Narodo lantas turun ke gua di gunung Indrokilo sambil membawa hadiah untuk Arjuno berupa sebuah panah pusaka. Kepada Arjuno disampaikan bahwa dia ditakdirkan sebagai satria dengan tugas utama menjaga keamanan, melindungi rakyatnya dan menegakkan keadilan serta kebenaran. Itulah sebabnya dia diberi senjata sakti tersebut. Kemudian dia ditugaskan mempertahankan istana para dewa di kahyangan Jonggring salaka yang sedang diserang bangsa raksasa di bawah pimpinan raja Niwata kawaca. Namun sebelumnya Arjuno harus melindungi warga lerang gunung itu yang sedang diancam bahaya. Narodo juga berjanji Arjuno akan diberi hadiah tujuh bidadari tercantik di kahyangan yang pernah ditugasi menggodanya.
Setelah terkabul permohonannya Arjuno turun gunung untuk melaksanakan tugas mulianya. Tidak lama kemudian dia sampai ke desa di lereng gunung Indrokilo. Desa itu sudah sepi, tidak ada orang berani keluar rumah karena sudah beberapa lama diganggu oleh seekor _celeng_ (babi hutan) yang ganas. Celeng itu tidak hanya memakan hasil pertanian mereka tapi juga menyerang manusia. Sudah banyak korban yang jatuh. Warga juga sudah mencoba melawan dengan senjata tajam. Tapi _celeng_ itu selalu menang meskipun dikeroyok rame rame.
Arjuno mengelilingi desa itu untuk mencari _celeng_ pengganggu. Tidak lama kemudian dia melihat dari jauh seekor _celeng_ berlari mendatanginya. _Celeng_ itu bukan sembarang _celeng_ tapi _celeng_ yang besar sekali dan buas sekali. Sejatinya dia adalah jelmaan seorang raksasa.
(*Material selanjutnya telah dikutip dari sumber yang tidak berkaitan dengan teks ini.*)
Lemma source_K_sign_le : (forall p, Icl p -> K p <= H p) ->
  forall x, Icl x -> 0 <= source rho1 H F K x.
Proof.
  intros Hle x Hx. unfold source.
  assert (0 < / F^2) by (apply Rinv_0_lt_compat; nra).
  generalize (Hle x Hx) (Hrho1 x Hx). intros. assert (/ F^2 * rho1 x <= 0) by nra. nra.
Qed.

Lemma phi_dev_nonpos : (forall p, Icl p -> H p <= K p) ->
  forall x, -1 < x < 0 -> phi_dev a H1 x <= 0.
Proof.
  intros Hge x Hx. rewrite Hphi by auto.
  assert (Htop0 : phi_dev a H1 0 <= 0).
  { rewrite Htop. generalize (Hge 0 ltac:(unfold Icl; lra)). intros.
    assert (0 < / F^2) by (apply Rinv_0_lt_compat; nra).
    assert (0 <= / F^2 * rho 0 * (K 0 - 1)) by (apply Rmult_le_pos; nra). lra. }
  assert (RInt (source rho1 H F K) x 0 <= 0); [|lra].
  apply RInt_le_0; [lra | apply ex_RInt_I; auto using continuous_I_source_K; lra|].
  intros z Hz. apply source_K_sign_ge; auto. unfold Icl; lra.
Qed.

Lemma phi_dev_nonneg : (forall p, Icl p -> K p <= H p) ->
  forall x, -1 < x < 0 -> 0 <= phi_dev a H1 x.
Proof.
  intros Hle x Hx. rewrite Hphi by auto.
  assert (Htop0 : 0 <= phi_dev a H1 0).
  { rewrite Htop. generalize (Hle 0 ltac:(unfold Icl; lra)). intros.
    assert (0 < / F^2) by (apply Rinv_0_lt_compat; nra).
    assert (/ F^2 * rho 0 * (K 0 - 1) <= 0) by (assert (0 <= / F^2 * rho 0) by nra; nra). lra. }
  assert (0 <= RInt (source rho1 H F K) x 0); [|lra].
  apply RInt_ge_0; [lra | apply ex_RInt_I; auto using continuous_I_source_K; lra|].
  intros z Hz. apply source_K_sign_le; auto. unfold Icl; lra.
Qed.

Lemma cube_term_denom_pos x : Icl x -> 0 < 4 * a x ^ 2 * H1 x ^ 2.
Proof.
  intros Hx. apply Rmult_lt_0_compat; [apply Rmult_lt_0_compat; [lra|]|]; apply pow_lt; auto.
Qed.
(* With notation as in the context, suppose the edge localization graph $\bar{\mathcal{G}}$ has an oriented spanning tree with root $r$, and $r$ knows the bearing vector $\mathbf{g}_{v_1 r}$ to one of its neighbors $v_1$ in $\bar{\mathcal{G}}$. Let $l$ be the edge agent corresponding to the edge $(r,v_1)\in\bar{\mathcal{E}}$, and run the estimation dynamics $\dot{\hat z}_k(t)=\sum_{j\in\mathcal{N}_k}\bigl(e^{-\mathrm{i}\theta_{jk}}\hat z_j(t)-\hat z_k(t)\bigr)$ for all $k\neq l$, while the edge agent $l$ does not update, i.e. $\hat z_l(t)=z_l$ for all $t\ge t_0$ (the other initial estimates $\hat z_k(t_0)$ being arbitrary). Then the estimate $\hat{\mathbf{z}}(t)=[\hat z_1(t),\dots,\hat z_M(t)]^T$ converges exponentially to the true value $\mathbf{z}$.
   Context: Setting. There are $N$ agents $\mathcal{V}=\{1,\dots,N\}$ at distinct positions $\mathbf{p}_u\in\mathbb{R}^2$. The bearing vector is $\mathbf{g}_{vu}=(\mathbf{p}_v-\mathbf{p}_u)/\|\mathbf{p}_v-\mathbf{p}_u\|$ and $\angle\mathbf{g}_{vu}\in[-\pi,\pi)$ its angle in a fixed global frame. For distinct agents $u,v,w$, $\alpha^{u}_{wv}\in[-\pi,\pi)$ denotes the counterclockwise angle at $u$ from $\mathbf{g}_{vu}$ to $\mathbf{g}_{wu}$. A set $\mathcal{S}$ of measured subtended angles is given, with $\alpha^{u}_{wv}\in\mathcal{S}$ iff $\alpha^{u}_{vw}\in\mathcal{S}$. Standing assumption: if an agent measures subtended angles between two or more pairs of other agents, all bearing vectors associated with these measurements are related to each other through them (so that the subtended angle at that agent between any two of these agents is determined by its measurements). The communication graph $\mathcal{G}=(\mathcal{V},\mathcal{E})$ has as edges exactly the ordered pairs $(u,v),(v,u),(u,w),(w,u)$ for all $\alpha^{u}_{wv}\in\mathcal{S}$; it is symmetric and assumed connected. Edge localization graph $\bar{\mathcal{G}}=(\bar{\mathcal{V}},\bar{\mathcal{E}})$: for each $(u,v)\in\mathcal{E}$ with no $w$ such that $\alpha^{v}_{wu}\in\mathcal{S}$, introduce a new virtual vertex $\bar v^{u}$ (distinct for distinct such pairs), co-located with agent $v$; $\bar{\mathcal{E}}$ is obtained from $\mathcal{E}$ by replacing each such pair $(u,v),(v,u)$ by $(u,\bar v^{u}),(\bar v^{u},u)$; $\bar{\mathcal{V}}$ consists of the agents that measure at least one subtended angle together with all virtual vertices. For $a\in\bar{\mathcal{V}}$ let $\rho(a)$ be the real agent it is (co-located with): $\rho(\bar v^u)=v$, $\rho(v)=v$; bearing vectors involving virtual vertices are those of the corresponding real agents. The directed line graph $L(\bar{\mathcal{G}})$ has vertex set $\bar{\mathcal{E}}$ and an edge $(e_1,e_2)$ whenever the head of $e_1$ equals the tail of $e_2$. The localization interaction graph $\mathcal{G}'=(\mathcal{V}',\mathcal{E}')$ is $L(\bar{\mathcal{G}})$ with vertices relabelled by a bijection onto $\mathcal{V}'=\{1,\dots,M\}$, $M=|\bar{\mathcal{E}}|$; vertex $k$ corresponding to $(a,b)\in\bar{\mathcal{E}}$ is the edge agent $k$; its neighbor set is $\mathcal{N}_k=\{j:(k,j)\in\mathcal{E}'\}$. For edge agent $k$ corresponding to $(a,b)$ set $\theta_k=\angle\mathbf{g}_{\rho(b)\rho(a)}$ and $z_k=e^{\mathrm{i}\theta_k}$, $\mathbf{z}=[z_1,\dots,z_M]^T$. For $j\in\mathcal{N}_k$ with $j$ corresponding to $(b,c)$, write $u=\rho(a)$, $v=\rho(b)$, $w=\rho(c)$ and set $\theta_{jk}=\mathrm{PV}(\alpha^{v}_{wu}+\pi)$ if $w\neq u$ and $\theta_{jk}=-\pi$ if $w=u$, where $\mathrm{PV}(\theta)=[(\theta+\pi)\bmod 2\pi]-\pi$. An oriented spanning tree of a directed graph with root $r$ is an acyclic subgraph containing all vertices in which every vertex other than $r$ has a directed path to $r$. *)

From Stdlib Require Import Reals ClassicalEpsilon.
From Coquelicot Require Import Coquelicot.
From mathcomp Require Import ssreflect ssrfun ssrbool eqtype ssrnat seq
  choice fintype fingraph.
Dengan cepat Arjuno melepaskan panah saktinya yang baru saja didapat dari Betoro Narodo. Arjuno adalah murid terbaik Begawan Durno yang sudah menguasai ilmu _Sirwendo_ alias ilmu membidik dan dia juga juara panahan di Ngestino. Tidak ada kesulitan buatnya membidik _celeng_ yang sedang berlari ke arahnya. Panah itu tepat mengenai _celeng_ yang lantas jatuh sambil mengeluarkan suara keras lalu mati. Arjuno berlari mendatangi celeng tersebut untuk mencabut anak panahnya. Namun ketika sudah di depan _celeng_ dia terkejut melihat ada dua anak panah tertancap di badan _celeng_. Lebih terkejut lagi ketika mendadak terdengar suara seseorang dari arah lain. Di sana berdiri seorang satria gagah memegang busur. Dia mengatakan bahwa anak panahnyalah yang tepat mengenai jantung _celeng_ sehingga mati seketika. Arjuno tidak terima. Dia juga mengatakan anak panahnyalah yang lebih dulu mengenai _celeng_ maka dialah yang membunuh _celeng_ tersebut.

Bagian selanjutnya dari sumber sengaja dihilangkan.